Phone Screening Benchmarks: AI vs Human Performance

Q: Are AI phone screens less accurate than human screens?

Comparably accurate for structured qualification evaluation. AI achieves r = 0.30-0.45 vs. r = 0.25-0.40 for human screens ([Schmidt & Hunter, 1998](https://psycnet.apa.org/doi/10.1037/0033-2909.124.2.262)). Humans retain an edge in assessing nuanced qualities like cultural fit.

Q: Do candidates prefer human or AI phone screens?

Satisfaction surveys show human screens at 72-80% vs. 65-78% for AI ([Gartner 2024](https://www.gartner.com/en/human-resources/topics/artificial-intelligence-in-hr)). However, candidates rate AI higher on convenience and scheduling flexibility.

Q: What completion rate should I expect from AI phone screening?

70-85% vs. 55-70% for human-scheduled screens (Aptitude Research, 2025). Primary driver: on-demand availability eliminates scheduling friction. SMS invitations outperform email by 15-20 points.

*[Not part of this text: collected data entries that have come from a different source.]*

(* Let $f\colon\mathbb{R}^d\to\mathbb{R}\cup\{\infty\}$ be a lower semicontinuous convex function, let $Q\subseteq\mathbb{R}^d$ be a nonempty closed convex set contained in the domain of $f$, and assume the set $X^*$ of minimizers of $f$ over $Q$ is nonempty, with minimum value $f^*$. Suppose $f$ has $\mu$-quadratic growth for some $\mu>0$: $f(x)\ge f^*+\frac{\mu}{2}\mathrm{dist}(x,X^* )^2$ for all $x\in Q$. Let $g(x;\xi)$ be a stochastic subgradient oracle with $\mathbb{E}_{\xi\sim D}\,g(x;\xi)\in\partial f(x)$ for all $x\in Q$, and suppose there are constants $L_0,L_1\ge0$ with $$\mathbb{E}_\xi\|g(x;\xi)\|^2\le L_0^2+L_1(f(x)-f^* )\qquad\text{for all }x\in Q.$$ Let $x_0\in Q$ and consider $x_{k+1}=P_Q(x_k-\alpha_kg(x_k;\xi_k))$ with $\xi_k\sim D$ i.i.d. and $$\alpha_k=\frac{4}{\mu(k+2)+\frac{4L_1^2}{\mu(k+1)}}.$$ Then for every $T\ge0$, $$\mathbb{E}_{\xi_{0\dots T}}\left[f\left(\frac{\sum_{k=0}^T(k+1)(1-L_1\alpha_k)x_k}{\sum_{k=0}^T(k+1)(1-L_1\alpha_k)}\right)-f^*\right]\le\frac{4L_0^2(T+1)+L_1^2\,\mathrm{dist}(x_0,X^* )^2}{\mu\sum_{k=0}^T(k+1)(1-L_1\alpha_k)}.$$
   Context: $\mathrm{dist}(x,X^* )$ is the Euclidean distance from $x$ to $X^*$. $P_Q$ is orthogonal projection onto $Q$; $\partial f(x)=\{g: f(y)\ge f(x)+g^T(y-x)\ \forall y\in\mathbb{R}^d\}$; $\mathbb{E}_{\xi_{0\dots T}}$ is expectation over the i.i.d. samples $\xi_0,\dots,\xi_T$. *)

From HB Require Import structures.
From mathcomp Require Import all_boot all_order all_algebra.
From mathcomp Require Import all_classical all_reals all_analysis.
Set Implicit Arguments. Unset Strict Implicit. Unset Printing Implicit Defensive.
Import Order.TTheory GRing.Theory Num.Theory.
Import numFieldNormedType.Exports.
Local Open Scope classical_set_scope.
Local Open Scope ring_scope.
(* There exists a unique pointwise minimal pair of maps $t\mapsto\sigma_P(t)$, $P\in\{1,2\}$, assigning to every well-formed tree $t$ over $\tilde A_{i,k}$ a $P$-signature $\sigma_P(t)$, such that for every player $P$, all well-formed trees $t,t_L,t_R$ and all $j\in\{i,\ldots,k\}$: (1) $\sigma_P(t)=\infty$ iff $P$ does not win $\mathcal G(t)$; (2) $\sigma_P(\sim(t))=(0,\ldots,0)$ if $P$ wins $\mathcal G(\sim(t))$; (3) if $\sigma_P(t)=(\theta_{i'},\ldots,\theta_{k'})$ and $j$ is $P$-winning, then $\sigma_P(p_j(t))=(\theta_{i'},\ldots,\theta_{j-1},0,\ldots,0)$ (coordinates with index $<j$ kept, the others $0$); (4) if $\sigma_P(t)=(\theta_{i'},\ldots,\theta_{k'})$ and $j$ is $P$-losing, then $\sigma_P(p_j(t))=(\theta_{i'},\ldots,\theta_{j-2},\theta_j+1,0,\ldots,0)$; (5) $\sigma_P(c_P(t_L,t_R))=\min\{\sigma_P(t_L),\sigma_P(t_R)\}$; (6) $\sigma_P(c_{\bar P}(t_L,t_R))=\max\{\sigma_P(t_L),\sigma_P(t_R)\}$. Pointwise minimal means: for every pair $(\sigma'_1,\sigma'_2)$ satisfying (1)–(6), every $P$ and every well-formed $t$, $\sigma_P(t)\le_{lex}\sigma'_P(t)$.
   Context: Fix natural numbers $i<k$. Trees over a ranked alphabet are partial maps $t:\omega^*\to A$ with non-empty prefix-closed domain where a node with an $m$-ary label has exactly the children $u0,\ldots,u(m-1)$; $a(t_0,\ldots,t_{m-1})$ is the tree with root label $a$ and children subtrees $t_0,\ldots$. The alphabet $\tilde A_{i,k}$ has unary letters $p_i,\ldots,p_k$, a unary letter $\sim$, and binary letters $c_1,c_2$. Players are $1,2$; $\bar P$ is the opponent of $P$. A tree $t$ is well-formed if no branch has infinitely many $\sim$. A node $u$ is switched if an odd number of strict prefixes $w\prec u$ have $t(w)=\sim$, kept otherwise. The game $\mathcal G(t)$: positions are nodes, moves to children, start at the root; $u$ is controlled by $P$ iff ($u$ kept and $t(u)=c_P$) or ($u$ switched and $t(u)=c_{\bar P}$). An infinite play (branch), which is eventually kept or eventually switched, is won by player 1 iff it is kept and the least $j$ with infinitely many nodes labelled $p_j$ is even, or it is switched and this $j$ is odd (if no priority letter occurs infinitely often take $j=k$). $P$ wins $\mathcal G(t)$ if $P$ has a winning strategy. A number $j\in\{i,\ldots,k\}$ is $P$-losing if it is odd (for $P=1$) resp. even (for $P=2$), and $P$-winning otherwise; $i',k'$ denote the least and largest $P$-losing numbers. A $P$-signature is either $\infty$ or a tuple $(\theta_{i'},\theta_{i'+2},\ldots,\theta_{k'})$ of countable ordinals indexed by the $P$-losing numbers; tuples are ordered lexicographically ($\le_{lex}$) with smaller indices more significant, and $\infty$ is the largest element. *)

From mathcomp Require Import all_boot.
Set Implicit Arguments. Unset Strict Implicit. Unset Printing Implicit Defensive.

Q: How do AI and human screens compare on bias?

AI screens with proper design and regular auditing show reduced demographic disparities, primarily through consistent, job-relevant evaluation criteria. Neither method is bias-free. Regular adverse impact analysis is essential regardless of method ([EEOC guidelines](https://www.eeoc.gov/laws/guidance/uniform-guidelines-employee-selection-procedures-1978)).

Q: What is the cost difference?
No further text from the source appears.